## Work task
List each line of the data that holds the string "case".

--

Lemma disk_gen_fil n p : fil (D_R R n p) p n disk_gen.
Proof. by rewrite /= /mxfil leqnn. Qed.

Lemma dif_disk_gen n p : dif (D_R R n p) n disk_gen = const_mx 1.
Proof.
apply/matrixP => i c; rewrite !mxE.
under eq_bigr => j _ do rewrite /AD !mxE eqxx mul1r.
by rewrite sumr_const_dim1 ?dimD_n.
Qed.

Lemma incl_SD_sphere_gen n p :
  hom (incl_SD R n p) (n + 1) sphere_gen = dif (D_R R n p) n disk_gen.
Proof.
rewrite dif_disk_gen; apply/matrixP => i c; rewrite !mxE.
under eq_bigr => j _ do rewrite /Bincl !mxE mul1r.
by rewrite sumr_const_dim1 // /dimS eqxx.
Qed.

Lemma D_R_hom_ext n p X (g1 g2 : fhom (D_R R n p) X) :
  hom g1 n disk_gen = hom g2 n disk_gen -> forall k v, hom g1 k v = hom g2 k v.
Proof.
move=> eq_g; apply: mxcomplex_hom_ext => k j; rewrite delta_mx_dim1 ?leq_b1 //.
have [-> //|kn] := eqVneq k n; have [->|kn1] := eqVneq k (n + 1).
  by rewrite -(dif_disk_gen n p) !hom_dif eq_g.
by case: (dimD_out kn kn1 j).
Qed.

Lemma S_R_hom_ext m p X (g1 g2 : fhom (S_R R m p) X) :
  hom g1 m sphere_gen = hom g2 m sphere_gen -> forall k v, hom g1 k v = hom g2 k v.
Proof.
move=> eq_g; apply: mxcomplex_hom_ext => k j; rewrite delta_mx_dim1 ?leq_b1 //.
have [-> //|km] := eqVneq k m.
by case: (dimS_out km j).
Qed.

Section DiskMap.
Variables (X : fcomplex R) (n : int) (p : nat) (x : cx X n).
Hypothesis x_fil : fil X p n x.

Definition disk_vec k : cx X k :=
  match k =P n with
  | ReflectT e => tr (esym e) x
  | ReflectF _ =>
    match k =P n + 1 with
    | ReflectT e => tr (esym e) (dif X n x)
    | ReflectF _ => 0
    end
  end.

Lemma disk_vec_n : disk_vec n = x.
Proof. by rewrite /disk_vec; case: eqP => // e; rewrite tr_id. Qed.

Lemma disk_vec_n1 : disk_vec (n + 1) = dif X n x.
Proof.
rewrite /disk_vec; case: eqP => [e|_].
  by have := addr1_eqF n; rewrite {1}e eqxx.
by case: eqP => // e; rewrite tr_id.
Qed.

Lemma disk_vec_out k : k != n -> k != n + 1 -> disk_vec k = 0.
Proof. by rewrite /disk_vec; do 2 case: eqP => //. Qed.

Lemma disk_vec_fil k : fil X p k (disk_vec k).
Proof.
have [->|kn] := eqVneq k n; first by rewrite disk_vec_n.
have [->|kn1] := eqVneq k (n + 1); first by rewrite disk_vec_n1 fil_dif.
by rewrite disk_vec_out ?fil_zero.
Qed.

Lemma disk_vec_dif k (j : 'I_(dimD n k)) :
  dif X k (disk_vec k) = \sum_i AD R n k i j *: disk_vec (k + 1).
Proof.
have [ekn|kn] := eqVneq k n.
  subst k; under eq_bigr => i _ do rewrite /AD mxE eqxx scale1r.
  by rewrite sumr_const_dim1 ?dimD_n1 // disk_vec_n disk_vec_n1.
have [ekn1|kn1] := eqVneq k (n + 1); last by case: (dimD_out kn kn1 j).
subst k; rewrite disk_vec_n1 dif2 big1 // => i _.
by rewrite /AD mxE addr1_eqF scale0r.
Qed.

Definition disk_map : fhom (D_R R n p) X :=
  mxmap (@AD2 R n) (fun k _ => disk_vec k) (fun k _ => disk_vec_fil k)
    disk_vec_dif.

Lemma disk_map_gen : hom disk_map n disk_gen = x.
Proof.
rewrite /= (eq_bigr (fun=> disk_vec n)) => [|j _]; last by rewrite mxE scale1r.
by rewrite sumr_const_dim1 ?dimD_n // disk_vec_n.
Qed.
End DiskMap.

Section SphereMap.
Variables (X : fcomplex R) (m : int) (p : nat) (z : cx X m).
Hypotheses (z_fil : fil X p m z) (z_cyc : dif X m z = 0).

Definition sphere_vec k : cx X k :=
  match k =P m with
  | ReflectT e => tr (esym e) z
  | ReflectF _ => 0
  end.

Lemma sphere_vec_m : sphere_vec m = z.
Proof. by rewrite /sphere_vec; case: eqP => // e; rewrite tr_id. Qed.

Lemma sphere_vec_out k : k != m -> sphere_vec k = 0.
Proof. by rewrite /sphere_vec; case: eqP. Qed.

Lemma sphere_vec_fil k : fil X p k (sphere_vec k).
Proof.
have [->|km] := eqVneq k m; first by rewrite sphere_vec_m.
by rewrite sphere_vec_out ?fil_zero.
Qed.

Lemma sphere_vec_dif k (j : 'I_(dimS m k)) :
  dif X k (sphere_vec k) = \sum_i AS R m k i j *: sphere_vec (k + 1).
Proof.
rewrite big1 => [|i _]; last by rewrite mxE scale0r.
have [ekm|km] := eqVneq k m; first by subst k; rewrite sphere_vec_m.
by rewrite sphere_vec_out // (linfun0 (dif_lin X k)).
Qed.

Definition sphere_map : fhom (S_R R m p) X :=
  mxmap (@AS2 R m) (fun k _ => sphere_vec k) (fun k _ => sphere_vec_fil k)
    sphere_vec_dif.

Lemma sphere_map_gen : hom sphere_map m sphere_gen = z.
Proof.
rewrite /= (eq_bigr (fun=> sphere_vec m)) => [|j _]; last by rewrite mxE scale1r.
by rewrite sumr_const_dim1 ?sphere_vec_m // /dimS eqxx.
Qed.
End SphereMap.
End DisksAndSpheres.

Arguments disk_gen {R n p}.
Arguments sphere_gen {R m p}.
Arguments disk_gen_fil {R} n p.
Arguments D_R_hom_ext {R n p X}.
Arguments S_R_hom_ext {R m p X}.
Arguments disk_map {R X n p x}.
Arguments sphere_map {R X m p z}.

Section LiftingClasses.
Variable R : comPzRingType.
Implicit Types (A B X Y : fcomplex R).

Definition fil_surjective {X Y} (q : fhom X Y) : Prop :=
  forall p n y, fil Y p n y -> exists2 x, fil X p n x & hom q n x = y.

Lemma fil_surjective_Jinj X Y (q : fhom X Y) : fil_surjective q -> Kinj (Jfam R) q.
Proof.
move=> q_surj n p u v _.
have [x x_fil qx] := q_surj p n _ (hom_fil (f := v) (disk_gen_fil n p)).
exists (disk_map x_fil); split=> [k w|].
  by rewrite [w]flatmx0 !(linfun0 (hom_lin _ k)).
by apply: (D_R_hom_ext (fcomp q (disk_map x_fil))); rewrite fcompE disk_map_gen.
Qed.

Lemma Iinj_lift_cycle {X Y} {q : fhom X Y} {p n}
    {z : cx X (n + 1)} {y : cx Y n} : Kinj (Ifam R) q ->
  fil X p (n + 1) z -> dif X (n + 1) z = 0 -> fil Y p n y ->
  hom q (n + 1) z = dif Y n y ->
  exists2 x, fil X p n x & dif X n x = z /\ hom q n x = y.
Proof.
move=> q_inj z_fil z_cyc y_fil qz.
have [|h [hi hq]] := q_inj n p (sphere_map z_fil z_cyc) (disk_map y_fil).
  apply: (S_R_hom_ext (fcomp q (sphere_map z_fil z_cyc))
                      (fcomp (disk_map y_fil) (incl_SD R n p))).
  by rewrite !fcompE sphere_map_gen incl_SD_sphere_gen hom_dif disk_map_gen.
exists (hom h n disk_gen); first exact: hom_fil (disk_gen_fil n p).
by rewrite -hom_dif -incl_SD_sphere_gen hi sphere_map_gen hq disk_map_gen.
Qed.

--

## Written reply
by case: (dimD_out kn kn1 j).
by case: (dimS_out km j).
Proof. by rewrite /disk_vec; case: eqP => // e; rewrite tr_id. Qed.
rewrite /disk_vec; case: eqP => [e|_].
by case: eqP => // e; rewrite tr_id.
Proof. by rewrite /disk_vec; do 2 case: eqP => //. Qed.
have [ekn1|kn1] := eqVneq k (n + 1); last by case: (dimD_out kn kn1 j).
Proof. by rewrite /sphere_vec; case: eqP => // e; rewrite tr_id. Qed.
Proof. by rewrite /sphere_vec; case: eqP. Qed.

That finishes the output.